她握紧尹德妃的手,冷嗤道:“便是现今柳宝林出了些风头又如何?待姐姐出来,我们联手,早晚让她哭天抢地给我们跪地求饶。等过几日圣人气消了,态度软化,我就去跟圣人说姐姐的事。到时候我们仍像以往一般伺候圣人。这后宫还是我们的天下。”
听着张婕妤的“豪言壮志”,再看她一脸的笃定神情,尹德妃无奈摇头:“你想得太简单了。今时不同往日。这宫里头新人换旧人,想要起复何等困难。你自己算算你多久没见过圣人了。”
张婕妤一顿,不愿承认自己失势,忙道:“圣人虽不曾见我,却没有挡着九郎去见他。圣人还赏了九郎一盘点心呢。姐姐,我们还有八郎九郎。他们到底是圣人的亲子。这些年圣人有多疼他们你是清楚的。只需八郎九郎在,我们总有机会。”

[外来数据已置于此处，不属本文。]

(* Let $L=\langle S,A,\to\rangle$ be a labelled transition system and $R\subseteq S\times S$. Then: $R$ is a weak bisimulation iff it is an $(o,o)$-generic bisimulation; $R$ is a delay bisimulation iff it is an $(o,b)$-generic bisimulation; $R$ is an $\eta$-bisimulation iff it is a $(b,o)$-generic bisimulation; $R$ is a branching bisimulation iff it is a $(b,b)$-generic bisimulation.
   Context: An LTS is $\langle S,A,\to\rangle$ with states $S$, actions $A$ containing the internal action $\tau$, and $\to\subseteq S\times A\times S$; write $s\xrightarrow{a}t$, and $\twoheadrightarrow$ for the reflexive-transitive closure of $\xrightarrow{\tau}$. All relations below are required to be symmetric, and the conditions are imposed whenever $s\,R\,t$ and $s\xrightarrow{a}s'$. Weak bisimulation: either $a=\tau$ and $s'\,R\,t$, or there exist $t',t_1,t_2$ with $t\twoheadrightarrow t_1\xrightarrow{a}t_2\twoheadrightarrow t'$ and $s'\,R\,t'$. Delay bisimulation: either $a=\tau$ and $s'\,R\,t$, or there exist $t',t_1$ with $t\twoheadrightarrow t_1\xrightarrow{a}t'$ and $s'\,R\,t'$. $\eta$-bisimulation: either $a=\tau$ and $s'\,R\,t$, or there exist $t',t_1,t_2$ with $t\twoheadrightarrow t_1\xrightarrow{a}t_2\twoheadrightarrow t'$, $s\,R\,t_1$ and $s'\,R\,t'$. Branching bisimulation: either $a=\tau$ and $s'\,R\,t$, or there exist $t',t_1$ with $t\twoheadrightarrow t_1\xrightarrow{a}t'$, $s\,R\,t_1$ and $s'\,R\,t'$. Generic: for $R\subseteq S\times S$ and $s,s',t$: $s\twoheadrightarrow_{o,R,t}s'$ iff $s\twoheadrightarrow s'$; $s\twoheadrightarrow_{b,R,t}s'$ iff $s\twoheadrightarrow s'$, $t\,R\,s$ and $t\,R\,s'$. For $x,y\in\{o,b\}$, $R$ is an $(x,y)$-generic bisimulation if either $a=\tau$ and $s'\,R\,t$, or there exist $t',t_1,t_2$ with $t\twoheadrightarrow_{x,R,s}t_1\xrightarrow{a}t_2\twoheadrightarrow_{y,R,s'}t'$ and $s'\,R\,t'$. *)

From Stdlib Require Import Relations.

(* An LTS <S, A, ->> is given by a state type S, an action type A, a
   distinguished internal action tau : A, and a transition relation
   step : S -> A -> S -> Prop  (step s a t  means  s --a--> t). *)

Definition tau_steps {S A : Type} (step : S -> A -> S -> Prop) (tau : A)
  : relation S := clos_refl_trans S (fun x y => step x tau y).

Definition symmetric_rel {S : Type} (R : S -> S -> Prop) : Prop :=
  forall s t, R s t -> R t s.

Definition weak_bisim {S A : Type} (step : S -> A -> S -> Prop) (tau : A)
  (R : S -> S -> Prop) : Prop :=
  symmetric_rel R /\
  forall s t a s', R s t -> step s a s' ->
    (a = tau /\ R s' t) \/
    exists t' t1 t2, tau_steps step tau t t1 /\ step t1 a t2 /\
                     tau_steps step tau t2 t' /\ R s' t'.

Definition delay_bisim {S A : Type} (step : S -> A -> S -> Prop) (tau : A)
  (R : S -> S -> Prop) : Prop :=
  symmetric_rel R /\
  forall s t a s', R s t -> step s a s' ->
    (a = tau /\ R s' t) \/
    exists t' t1, tau_steps step tau t t1 /\ step t1 a t' /\ R s' t'.

Definition eta_bisim {S A : Type} (step : S -> A -> S -> Prop) (tau : A)
  (R : S -> S -> Prop) : Prop :=
  symmetric_rel R /\
  forall s t a s', R s t -> step s a s' ->
    (a = tau /\ R s' t) \/
    exists t' t1 t2, tau_steps step tau t t1 /\ step t1 a t2 /\
                     tau_steps step tau t2 t' /\ R s t1 /\ R s' t'.

Definition branching_bisim {S A : Type} (step : S -> A -> S -> Prop) (tau : A)
  (R : S -> S -> Prop) : Prop :=
  symmetric_rel R /\
  forall s t a s', R s t -> step s a s' ->
    (a = tau /\ R s' t) \/
    exists t' t1, tau_steps step tau t t1 /\ step t1 a t' /\
                  R s t1 /\ R s' t'.

Inductive gmode : Type := mo | mb.

(* gen_steps step tau x R t s s'  is  s ->>_{x,R,t} s' :
   o: s ->> s';   b: s ->> s', t R s and t R s'. *)
Definition gen_steps {S A : Type} (step : S -> A -> S -> Prop) (tau : A)
  (x : gmode) (R : S -> S -> Prop) (t s s' : S) : Prop :=
  match x with
  | mo => tau_steps step tau s s'
  | mb => tau_steps step tau s s' /\ R t s /\ R t s'
  end.

Definition generic_bisim {S A : Type} (step : S -> A -> S -> Prop) (tau : A)
  (x y : gmode) (R : S -> S -> Prop) : Prop :=
  symmetric_rel R /\
  forall s t a s', R s t -> step s a s' ->
    (a = tau /\ R s' t) \/
    exists t' t1 t2, gen_steps step tau x R s t t1 /\ step t1 a t2 /\
                     gen_steps step tau y R s' t2 t' /\ R s' t'.

(** Each definition is the generic one with the corresponding modes, up to
    two observations.  A b-prefix [t ->>_{b,R,s} t1] only adds [s R t1],
    since [s R t] is already assumed.  A b-suffix
    [t2 ->>_{b,R,s'} t' /\ s' R t'] is equivalent to [s' R t2]: one direction
    is part of its definition, and for the other take [t' := t2]; so it turns
    the trailing [->>] of weak and eta bisimulation into the single final step
    of delay and branching bisimulation. *)

From Stdlib Require Import Relations Setoid.

Section GenericBisim.

Variables (S A : Type) (step : S -> A -> S -> Prop) (tau : A) (R : S -> S -> Prop).

Lemma transfer_iff (P Q : S -> S -> A -> S -> Prop) :
  (forall s t a s', R s t -> P s t a s' <-> Q s t a s') ->
  (symmetric_rel R /\ forall s t a s', R s t -> step s a s' ->
     (a = tau /\ R s' t) \/ P s t a s') <->
  (symmetric_rel R /\ forall s t a s', R s t -> step s a s' ->
     (a = tau /\ R s' t) \/ Q s t a s').
Proof.
  intros HPQ.
  split; intros [Hsym Htransfer]; split; trivial;
    intros s t a s' Hst Hs;
    destruct (Htransfer s t a s' Hst Hs) as [Htau | Hmatch]; auto;
    right; apply (HPQ s t a s' Hst); exact Hmatch.
Qed.

Lemma gen_steps_mb_prefix s t t1 :
  R s t ->
  gen_steps step tau mb R s t t1 <-> tau_steps step tau t t1 /\ R s t1.
Proof. intros Hst; simpl; tauto. Qed.

Lemma gen_steps_mb_suffix s' t2 :
  (exists t', gen_steps step tau mb R s' t2 t' /\ R s' t') <-> R s' t2.
Proof.
  simpl; split.
  - intros (t' & (_ & Hs't2 & _) & _); exact Hs't2.
  - intros Hs't2; exists t2; repeat split; trivial; apply rt_refl.
Qed.

Lemma weak_bisim_generic :
  weak_bisim step tau R <-> generic_bisim step tau mo mo R.
Proof. reflexivity. Qed.

Lemma delay_bisim_generic :
  delay_bisim step tau R <-> generic_bisim step tau mo mb R.
Proof.
  apply transfer_iff; intros s t a s' _; simpl; split.
  - intros (t2 & t1 & Ht1 & Hstep & Hs't2).
    destruct (proj2 (gen_steps_mb_suffix s' t2) Hs't2) as (t' & Hsuffix & Hs't').
    exists t', t1, t2; auto.
  - intros (t' & t1 & t2 & Ht1 & Hstep & Hsuffix & Hs't').
    exists t2, t1; repeat split; trivial.
    apply (gen_steps_mb_suffix s' t2); exists t'; auto.
Qed.

Lemma eta_bisim_generic :
  eta_bisim step tau R <-> generic_bisim step tau mb mo R.
Proof.
  apply transfer_iff; intros s t a s' Hst.
  setoid_rewrite (gen_steps_mb_prefix s t _ Hst); simpl; firstorder.
Qed.

Lemma branching_bisim_generic :
  branching_bisim step tau R <-> generic_bisim step tau mb mb R.
Proof.
  apply transfer_iff; intros s t a s' Hst.
  setoid_rewrite (gen_steps_mb_prefix s t _ Hst); split.
  - intros (t2 & t1 & Ht1 & Hstep & Hst1 & Hs't2).
    destruct (proj2 (gen_steps_mb_suffix s' t2) Hs't2) as (t' & Hsuffix & Hs't').
    exists t', t1, t2; auto.
  - intros (t' & t1 & t2 & Hprefix & Hstep & Hsuffix & Hs't').
    exists t2, t1; repeat split; try apply Hprefix; trivial.
    apply (gen_steps_mb_suffix s' t2); exists t'; auto.
Qed.

End GenericBisim.

Theorem proposition4p6 (S A : Type) (step : S -> A -> S -> Prop) (tau : A)
  (R : S -> S -> Prop) :
  (weak_bisim step tau R <-> generic_bisim step tau mo mo R) /\
  (delay_bisim step tau R <-> generic_bisim step tau mo mb R) /\
  (eta_bisim step tau R <-> generic_bisim step tau mb mo R) /\
  (branching_bisim step tau R <-> generic_bisim step tau mb mb R).
Proof.
  split; [| split; [| split]].
  - apply weak_bisim_generic.
  - apply delay_bisim_generic.
  - apply eta_bisim_generic.
  - apply branching_bisim_generic.
Qed.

尹德妃蹙眉:“圣人赏了九郎一盘点心?具体是怎么回事,仔细说说。”
张婕妤点头,娓娓道来。
尹德妃听完,非但不觉得欢喜,脸色反而更差了几分。
“你是说你让九郎以功课为借口前去面见圣人,圣人赏了他一盘点心让内侍将他送了回来?不曾留九郎说话?不曾考校九郎功课?不曾为九郎做错之处指正?”
张婕妤哑然,恍惚也发现了圣人待九郎与以往的不同,却仍有些不甘心,咬牙道:“九郎说圣人见到他不曾生气,态度温和。至于没有留他没有看功课,是因为圣人说有朝事政务要忙,不得空。”
“朝政繁忙?”尹德妃摇头哂笑,“圣人以往便没有忙的时候吗?那时他可曾如此?”
张婕妤面色一白。是啊,以往圣人更忙的时候也有,却从未这般敷衍过。
尹德妃闭上眼,还有一条她没有说出口的。便是八郎。九郎尚且还能见一见圣人,得一盘糕点。八郎呢?
八郎与九郎同岁,自出生便玩在一处,形影不离。可张婕妤口中唯有九郎见到了圣人,对八郎只字未提。以她对张婕妤的了解,若有机会,她不会独独丢下八郎。会如此只有一种可能。那便是圣人从前爱屋及乌,如今也恨屋及乌。
想也知道,母族落败,母妃被弃的皇子能好到哪里去?
思及此,尹德妃身子一晃,若非借张婕妤的力道撑住,只怕就要倒下。